That led me on a soul-searching journey and a research journey where I went back to Harvard and MIT where I did graduate work. I stayed on as a researcher and I led a research project that looked at nowadays era of hyperconnectivity where there are many choices, constant change and disruption. How do teams get big things done? Why do certain leaders get big things done and others not? Underneath all of the different examples and case studies that I looked at, what I found was that there was one specific skill that was unique. It was a skill that I now call connectional intelligence. It was this ability for people to be able to work and influence through networks outside of traditional silos to create new sources of value.
Whether it was nonprofitable to tap into unique networks to launch fundraising and unprecedented rates or a scientist within a company able to work across silos in a new and different way that led to a reduction in delays, dysfunction and faster speed to market. Whether it was an individual that was able to take a passion they had to combine it with a set of people that had diverse backgrounds and turn it into a multimillion-dollar, even billion-dollar business using their connections. What I saw was that in nowadays age, we all talk about IQ as basic knowledge. Several years ago, emotional intelligence came to the stage as a key trait. What I found is that in nowadays age, the key critical skill that we all need is connectional intelligence. That’s our ability to maximize the power of all of our networks in our digital age. I ended up writing a book that became a bestseller on this topic. My mission is to create a more connected world now through my keynotes, my training and consulting work.
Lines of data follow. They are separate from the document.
Lemma dotvNr u w : dotv w (- u) = - dotv w u.
Proof. by rewrite !(dotvC w) dotvNl. Qed.

Lemma dotv0r w : dotv w 0 = 0.
Proof. by rewrite dotvC dotv0l. Qed.

Lemma dotv_suml p (F : 'I_p -> 'rV[R]_n) w :
  dotv (\sum_(i < p) F i) w = \sum_(i < p) dotv (F i) w.
Proof.
elim/big_ind2: _ => [|x1 x2 y1 y2 <- <-|//]; first exact: dotv0l.
exact: dotvDl.
Qed.

Lemma dotv_sumr p (F : 'I_p -> 'rV[R]_n) w :
  dotv w (\sum_(i < p) F i) = \sum_(i < p) dotv w (F i).
Proof. by rewrite dotvC dotv_suml; apply: eq_bigr => i _; rewrite dotvC. Qed.

Lemma dotv_sumZl p (a : 'I_p -> R) (f : 'I_p -> 'rV[R]_n) w :
  dotv (\sum_(i < p) a i *: f i) w = \sum_(i < p) a i * dotv (f i) w.
Proof. by rewrite dotv_suml; apply: eq_bigr => i _; rewrite dotvZl. Qed.

Lemma dotvv_eq0 u : dotv u u = 0 -> u = 0.
Proof.
rewrite dotvE => /eqP; rewrite psumr_eq0; last by move=> j _; rewrite -expr2 sqr_ge0.
move=> /allP uu0; apply/rowP => j; rewrite mxE.
by have /implyP/(_ isT) := uu0 j (mem_index_enum _); rewrite mulf_eq0 orbb => /eqP.
Qed.

End DotProduct.

Section Orthonormal.
Variables (R : realType) (p n : nat) (f : 'I_p -> 'rV[R]_n).
Hypothesis f_on : orthonormal f.

Lemma dotv_sumZ_orthonormal (a : 'I_p -> R) l : dotv (\sum_(i < p) a i *: f i) (f l) = a l.
Proof.
rewrite dotv_sumZl (bigD1 l) //= f_on eqxx mulr1 big1 ?addr0 // => i /negbTE il.
by rewrite f_on il mulr0.
Qed.

Lemma orthoproj_orthonormal v : orthoproj (rows_mx f) v = \sum_(i < p) dotv v (f i) *: f i.
Proof.
set P := \sum_(i < p) _.
have P_span : (P <= rows_mx f)%MS.
  have -> : P = (\row_i dotv v (f i)) *m rows_mx f.
    by rewrite mulmx_sum_row; apply: eq_bigr => i _; rewrite mxE rowK.
  exact: submxMl.
have P_orth u : (u <= rows_mx f)%MS -> dotv (v - P) u = 0.
  case/submxP=> x ->; rewrite mulmx_sum_row dotv_sumr big1 // => i _.
  by rewrite rowK dotvZr dotvBl dotv_sumZ_orthonormal subrr mulr0.
apply: xget_unique => [//|q [q_span q_orth]].
have Pq_span : (P - q <= rows_mx f)%MS by rewrite addmx_sub // eqmx_opp.
apply/eqP; rewrite eq_sym -subr_eq0; apply/eqP/dotvv_eq0.
have -> : dotv (P - q) (P - q) = dotv (v - q) (P - q) - dotv (v - P) (P - q).
  by rewrite -dotvBl (addrC v) addrKA opprK addrC.
by rewrite q_orth // P_orth // subrr.
Qed.

End Orthonormal.

Lemma orthonormal_expansion (R : realType) (n : nat) (f : 'I_n -> 'rV[R]_n) v :
  orthonormal f -> v = \sum_(i < n) dotv v (f i) *: f i.
Proof.
move=> f_on; pose M := rows_mx f.
have MMt : M *m M^T = 1%:M.
  apply/matrixP => i j; rewrite !mxE -f_on dotvE.
  by apply: eq_bigr => l _; rewrite !mxE.
rewrite -{1}[v]mulmx1 -(mulmx1C MMt) mulmxA mulmx_sum_row.
apply: eq_bigr => i _; rewrite rowK dotvE mxE.
by congr (_ *: _); apply: eq_bigr => l _; rewrite !mxE.
Qed.

Section Frame.
Variables (R : realType) (k d : nat) (e : 'I_(k + d) -> 'rV[R]_(k + d)).
Hypothesis e_on : orthonormal e.

Local Notation prH := (orthoproj (rows_mx (fun i : 'I_k => e (lshift d i)))).
Local Notation prD := (orthoproj (rows_mx (fun j : 'I_d => e (rshift k j)))).

Lemma orthonormal_lshift : orthonormal (fun i : 'I_k => e (lshift d i)).
Proof. by move=> i j; rewrite e_on eq_lshift. Qed.

Lemma orthonormal_rshift : orthonormal (fun j : 'I_d => e (rshift k j)).
Proof. by move=> i j; rewrite e_on eq_rshift. Qed.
I’m dealing with curiosity and the impact on performance with that. It deals with many of the things you’re talking about with communication, innovation and engagement kept coming back to me with curiosity. I wrote my dissertation on emotional intelligence which I see the value in measuring all these different factors that connect people or make them be more successful or whatever the main factors are we need to get down to fix all these issues. I love this connectedness. When you were talking about the silo thing, we’ve read the books like The Silo Effect and of the problems out there. When I wrote my book about curiosity, I put a little part in about a hospital in London where they weren’t having a great turnover of their system of the beds and with patients and all that. They were having a hard time being efficient. One of the leaders watched a car racing team put the wheels on and did the whole car in seven seconds. He was thinking, “Why can’t they come to look at our system and see what they thought?” They helped them improve things by 50%. That’s not only thinking outside your department or your silo or whatever, their getting outside their industries. That’s what you’re talking about, getting completely outside of our status quo thinking.
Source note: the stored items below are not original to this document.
Lemma vmeetDl_le p q r : 0 <=: p -> 0 <=: q -> 0 <=: r ->
  vmeet (p + q) r <=: vmeet p r + vmeet q r.
Proof.
move=> p0 q0 r0; rewrite [vmeet p r + _]addrC vmeet_addr.
apply: vmeet_glb.
  rewrite [q + _]addrC vmeet_addr; apply: vmeet_glb => //.
  by apply: lev_trans (lev_meetr _ _) _; apply: lev_wpDr.
rewrite [r + vmeet p r]addrC vmeet_addr; apply: vmeet_glb.
  by apply: lev_trans (lev_meetr _ _) _; rewrite addrC; apply: lev_wpDr.
by apply: lev_trans (lev_meetr _ _) _; apply: lev_wpDr.
Qed.

Lemma vmeet_eq0_lev p q r : 0 <=: p -> 0 <=: r -> r <=: q ->
  vmeet p q = 0 -> vmeet p r = 0.
Proof.
move=> p0 r0 rq pq0; apply: lev_anti; last exact: vmeet_ge0.
by rewrite -pq0; apply: vmeet_mono.
Qed.

Lemma vmeet_eq0_mulrn n p q : 0 <=: p -> 0 <=: q ->
  vmeet p q = 0 -> vmeet p (q *+ n) = 0.
Proof.
move=> p0 q0 pq0; elim: n => [|n IHn]; first by rewrite mulr0n vmeetC vmeet_l.
apply: lev_anti; last by apply: vmeet_ge0 => //; apply: mulvn_ge0.
rewrite mulrS vmeetC; apply: lev_trans (vmeetDl_le _ _ _) _ => //.
  exact: mulvn_ge0.
by rewrite vmeetC pq0 vmeetC IHn addr0.
Qed.

Lemma vmeet_eq0_scale c p q : 0 < c -> 0 <=: p -> 0 <=: q ->
  vmeet p q = 0 -> vmeet p (c *: q) = 0.
Proof.
move=> c_gt0 p0 q0 pq0; have cq0 : 0 <=: c *: q by apply: scalev_ge0 => //; apply: ltW.
have [c_le1|c_gt1] := lerP c 1.
  apply: vmeet_eq0_lev pq0 => //; apply/subv_ge0.
  by rewrite -{1}(scale1r q) -scalerBl; apply: scalev_ge0; rewrite ?subr_ge0.
apply: lev_anti; last exact: vmeet_ge0.
have -> : 0 = c *: vmeet p q by rewrite pq0 scaler0.
rewrite vmeet_scale //; apply: vmeet_mono => //; apply/subv_ge0.
by rewrite -{2}(scale1r p) -scalerBl; apply: scalev_ge0; rewrite ?subr_ge0 ?ltW.
Qed.

Lemma lev_abs x : x <=: vabs x. Proof. exact: lev_joinl. Qed.

Lemma lev_absN x : - x <=: vabs x. Proof. exact: lev_joinr. Qed.

Lemma vabs_ge0 x : 0 <=: vabs x.
Proof.
have := levD (lev_abs x) (lev_absN x); rewrite subrr -mulr2n -scaler_nat.
have half0 : (0 : R) <= 2^-1 by rewrite invr_ge0.
by move=> /(levZ half0); rewrite scaler0 scalerA mulVf ?scale1r ?pnatr_eq0.
Qed.

Lemma vabs_id x : 0 <=: x -> vabs x = x.
Proof.
move=> x0; rewrite /Defs.vabs vjoinC vjoin_r //.
by apply: (@lev_trans 0) => //; rewrite -oppr0; apply: levN.
Qed.

Lemma vabs_eq0 x : vabs x = 0 -> x = 0.
Proof.
move=> x0; apply: lev_anti; first by rewrite -x0; apply: lev_abs.
by have := lev_absN x; rewrite x0 => /levN; rewrite opprK oppr0.
Qed.

Lemma is_sup_disjoint B s d : is_sup L B s -> (forall b, B b -> 0 <=: b) ->
  0 <=: s -> 0 <=: d -> (forall b, B b -> vmeet d b = 0) -> vmeet d s = 0.
Proof.
move=> [Bs s_least] B0 s0 d0 dB; set m := vmeet d s.
have m0 : 0 <=: m by apply: vmeet_ge0.
have le_sub_m b : B b -> b <=: s - m.
  move=> Bb; have bm0 : vmeet b m = 0.
    by apply: vmeet_eq0_lev (B0 _ Bb) m0 (lev_meetl _ _) _; rewrite vmeetC dB.
  apply/subv_ge0; rewrite -addrA -opprD [m + b]addrC; apply/subv_ge0.
  by rewrite vmeet_eq0_addE //; apply: vjoin_lub; [apply: Bs|apply: lev_meetr].
have := s_least _ le_sub_m => /(levDr (m - s)).
by rewrite addrCA subrr addr0 addrA subrK subrr => m_le0; apply: lev_anti.
Qed.

Definition maximal_disjoint_in (P D : set E) : Prop :=
  [/\ disjoint_system L D, D `<=` P &
      forall w, P w -> 0 <=: w -> (forall d, D d -> vmeet w d = 0) -> w = 0].

Lemma exists_maximal_disjoint (P : set E) : exists D, maximal_disjoint_in P D.
Proof.
pose Q := [set D : set E | disjoint_system L D /\ D `<=` P].
have [|D [[[Dpos Ddisj] DP] Dmax]] := @Zorn_bigcup E Q.
  move=> F FQ Ftot; split; last by move=> x [X /FQ [_ XP] /XP].
  split; first by move=> x [X /FQ [[XP _] _] /XP].
  move=> x y [X FX Xx] [Y FY Yy] xy.
  have [XY|YX] := Ftot X Y FX FY.
    by have [[_ Ydisj] _] := FQ Y FY; apply: Ydisj => //; apply: XY.
  by have [[_ Xdisj] _] := FQ X FX; apply: Xdisj => //; apply: YX.
exists D; split => // w Pw w0 wD.
have [Dw|nDw] := pselect (D w); first by rewrite -(vmeet_l (lev_refl w)); apply: wD.
exfalso; apply: (Dmax (D `|` [set w])).
  by split=> [x Dx|/(_ w (or_intror erefl))]; [left|].
split; last by move=> x [/DP|->].
split; first by move=> x [/Dpos|->].
move=> x y [Dx|->] [Dy|->] xy //; first exact: Ddisj.
- by rewrite vmeetC wD.
- exact: wD.
Qed.

(* With [w] the left-hand meet, (n+1) w <= e + (nx - e)^+ and
   (n+1) w <= (n+1) (e - nx)^+; the second summand drops out of the meet of the
   two bounds because (nx - e)^+ is disjoint from (e - nx)^+. *)
Lemma vmeet_vpos_subMn_le n e x : 0 <=: e -> 0 <=: x ->
  vmeet (vpos (e - x *+ n)) x *+ n.+1 <=: e.
Proof.
move=> e0 x0; set y := vpos (e - x *+ n); set w := vmeet y x.
have le_sum : w *+ n.+1 <=: e + vpos (x *+ n - e).
  rewrite mulrS; have -> : e + vpos (x *+ n - e) = y + x *+ n.
    by rewrite addrC /y /vpos !vjoin_addr !add0r !subrK vjoinC.
  by apply: levD; [apply: lev_meetl|apply: levMn; apply: lev_meetr].
have le_y : w *+ n.+1 <=: y *+ n.+1 by apply: levMn; apply: lev_meetl.
apply: lev_trans (vmeet_glb le_sum le_y) _.
apply: lev_trans (vmeetDl_le _ _ _) _ => //; first exact/mulvn_ge0/vpos_ge0.
have -> : vmeet (vpos (x *+ n - e)) (y *+ n.+1) = 0.
  by rewrite /y; apply: vmeet_eq0_mulrn => //; rewrite -[e - x *+ n]opprB vmeet_vposN.
by rewrite addr0; apply: lev_meetl.
Qed.

(* [D] and its disjoint complement together generate [E] as a band, so in an
   Archimedean lattice these truncations have supremum [e]. *)
Definition truncations (D : set E) (e : E) : set E :=
  [set b | (exists2 d, D d & exists n, b = vmeet e (d *+ n)) \/
           (exists2 x, 0 <=: x /\ (forall d, D d -> vmeet x d = 0) & b = vmeet e x)].

Lemma truncations0 D e : disjoint_system L D -> 0 <=: e -> truncations D e 0.
Proof.
move=> [Dpos _] e0; right; exists 0; last by rewrite vmeetC vmeet_l.
by split=> // d /Dpos d0; rewrite vmeet_l.
Qed.

Lemma truncations_ge0 D e b : disjoint_system L D -> 0 <=: e ->
  truncations D e b -> 0 <=: b.
Proof.
move=> [Dpos _] e0 [[d /Dpos d0 [n ->]]|[x [x0 _] ->]]; apply: vmeet_ge0 => //.
exact: mulvn_ge0.
Qed.

Lemma truncations_le D e b : truncations D e b -> b <=: e.
Proof. by case=> [[d _ [n ->]]|[x _ ->]]. Qed.

Lemma is_subset1_truncation_meets D e b : disjoint_system L D -> 0 <=: e ->
  truncations D e b -> is_subset1 [set d | D d /\ vmeet d b <> 0].
Proof.
move=> Dsys e0 Tb; have [Dpos Ddisj] := Dsys.
have b0 := truncations_ge0 Dsys e0 Tb.
case: Tb => [[d0 Dd0 [n bE]]|[x [x0 xD] bE]]; last first.
  move=> d _ [Dd []]; apply: (vmeet_eq0_lev (q := x)) (Dpos _ Dd) b0 _ _.
    by rewrite bE.
  by rewrite vmeetC xD.
suff only_d0 d : D d -> vmeet d b <> 0 -> d = d0.
  by move=> d d' [Dd /(only_d0 _ Dd) ->] [Dd' /(only_d0 _ Dd') ->].
move=> Dd; apply: contra_notP => dd0.
apply: (vmeet_eq0_lev (q := d0 *+ n)) (Dpos _ Dd) b0 _ _; first by rewrite bE.
exact: vmeet_eq0_mulrn (Dpos _ Dd) (Dpos _ Dd0) (Ddisj _ _ Dd Dd0 dd0).
Qed.

(* Invariant: [(a - u - h)^+] is disjoint from every rung [(t0 + k h - u)^+]. *)
Lemma ladder_lev a u t0 h N : 0 <=: h -> t0 <=: u -> a <=: t0 + h *+ N ->
  (forall k, vmeet (vpos (a - (t0 + h *+ k))) (vpos (t0 + h *+ k - u)) = 0) ->
  a - u <=: h.
Proof.
move=> h0 t0u aN rungs; apply: vpos_sub_eq0; set z := vpos (a - u - h).
have z0 : 0 <=: z := vpos_ge0 _.
have z_rung k : vmeet z (vpos (t0 + h *+ k - u)) = 0.
  elim: k => [|k IHk].
    rewrite mulr0n addr0 vpos_eq0; last exact/subv_le0.
    by rewrite vmeetC vmeet_l.
  apply: lev_anti; last by apply: vmeet_ge0.
  rewrite -IHk; apply: vmeet_glb => //.
  have : z <=: vpos (a - (t0 + h *+ k.+1)) + vpos (t0 + h *+ k - u).
    rewrite /z mulrSr addrA; move: (t0 + h *+ k) => t.
    rewrite -[a - u - h](_ : (a - (t + h)) + (t - u) = _); first exact: vposD.
    by rewrite [t + h]addrC opprD !addrA subrK addrAC.
  move=> z_le; apply: lev_trans (vmeet_mono z_le (lev_refl _)) _.
  apply: lev_trans (vmeetDl_le _ _ _) _ => //.
  by rewrite rungs add0r.
have zN : z <=: vpos (t0 + h *+ N - u).
  apply/vpos_mono/(@lev_trans (a - u)); last exact: levDr.
  by rewrite -{2}(subr0 (a - u)); apply/levDl/levN.
apply: lev_anti => //.
by rewrite -(z_rung N) -{1}(vmeet_l (lev_refl z)); apply: vmeet_mono.
Qed.

Lemma threshold_witnesses (ccc : forall D, disjoint_system L D -> countable D)
    A a0 t : A a0 ->
  exists B, [/\ countable B, B `<=` A &
    forall u, (forall b, B b -> b <=: u) ->
    forall a, A a -> vmeet (vpos (a - t)) (vpos (t - u)) = 0].
Proof.
move=> Aa0.
pose P := [set w | 0 <=: w /\ exists2 a, A a & w <=: vpos (a - t)].
have [D [Dsys DP Dmax]] := exists_maximal_disjoint P; have [Dpos _] := Dsys.
have /choice [wit witP] : forall w, exists a, D w -> A a /\ w <=: vpos (a - t).
  move=> w.
  have [/DP [_ [a Aa wa]]|nDw] := pselect (D w); first by exists a.
  by exists a0.
exists (wit @` D); split.
- exact: sub_countable (card_image_le _ _) (ccc _ Dsys).
- by move=> _ [w Dw <-]; have [] := witP w Dw.
move=> u ub a Aa; apply: Dmax.
- by split; [apply: vmeet_ge0|exists a].
- exact: vmeet_ge0.
move=> d Dd; apply: lev_anti; last by apply: vmeet_ge0; [apply: vmeet_ge0|apply: Dpos].
rewrite -(vmeet_vposN (t - u)) opprB; apply: vmeet_mono => //.
apply: lev_trans (witP d Dd).2 _; apply/vpos_mono/levDr/ub.
by exists d.
Qed.

Section Archimedean.
Hypothesis arch : archimedean_vl L.

Lemma archimedean_eq0 x y : 0 <=: x -> (forall n, x <=: n.+1%:R^-1 *: y) -> x = 0.
Proof.
move=> x0 xy; apply: (arch (y := y) x0) => n.
apply: lev_trans (lev_mulSn n x0) _; have := levMn n.+1 (xy n).
by rewrite -[(_ *: y) *+ _]scaler_nat scalerA mulfV ?scale1r ?pnatr_eq0.
Qed.

Lemma archimedean_vmeet_eq0 e x u : 0 <=: e -> 0 <=: x ->
  (forall n, vmeet e (x *+ n) <=: u) -> vmeet (vpos (e - u)) x = 0.
Proof.
move=> e0 x0 le_u; set w := vmeet (vpos (e - u)) x.
have w0 : 0 <=: w by apply: vmeet_ge0.
apply: (arch (y := e) w0) => n; apply: lev_trans (lev_mulSn n w0) _.
apply: lev_trans (vmeet_vpos_subMn_le n e0 x0); apply: levMn; apply: vmeet_mono => //.
rewrite -[vpos (e - _ *+ _)]subv_vmeet; apply: vpos_lub; first exact/levDl/levN/le_u.
exact/subv_ge0/lev_meetl.
Qed.

Lemma is_sup_truncations D e : disjoint_system L D -> 0 <=: e ->
  is_sup L (truncations D e) e.
Proof.
move=> Dsys e0; have [Dpos _] := Dsys.
split=> [b|u ub]; first exact: truncations_le.
have perpD d : D d -> vmeet (vpos (e - u)) d = 0.
  move=> Dd; apply: archimedean_vmeet_eq0 (Dpos _ Dd) _ => // n.
  by apply: ub; left; exists d => //; exists n.
have : vmeet (vpos (e - u)) (vpos (e - u)) = 0.
  apply: archimedean_vmeet_eq0 => // n; apply: ub; right.
  exists (vpos (e - u) *+ n) => //; split; first exact/mulvn_ge0/vpos_ge0.
  move=> d Dd; rewrite vmeetC.
  by apply: vmeet_eq0_mulrn; [apply: Dpos|apply: vpos_ge0|rewrite vmeetC perpD].
by rewrite vmeet_l // => /vpos_sub_eq0.
Qed.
I’ll give you another example. A few years ago, there was a leading executive at Colgate that had a scientific challenge. His team had developed a new fluoride that they were meshing in their toothpaste, but there was a mechanical flow problem and the fluoride was getting stuck in the equipment and it wasn’t meshing well. All the best chemists internally were trying to figure out why and no one could. It was taking months and months of time and costing a lot of money at that point. The executive had the curiosity to say, “Why don’t we ask a different network?” The team ended up posting this challenge on a website called InnoCentive, which is a crowdsourcing community for scientists. They ended up posting it there in an anonymous way. There was no confidentiality issue. Within a few days, a physicist named Ed Melcarek looked at the problem and he wrote in the group that this wasn’t a chemistry problem, it was a physics problem. It was about charged particles. You charge the fluoride one way, the toothpaste the other and instantly the problem for Colgate was solved.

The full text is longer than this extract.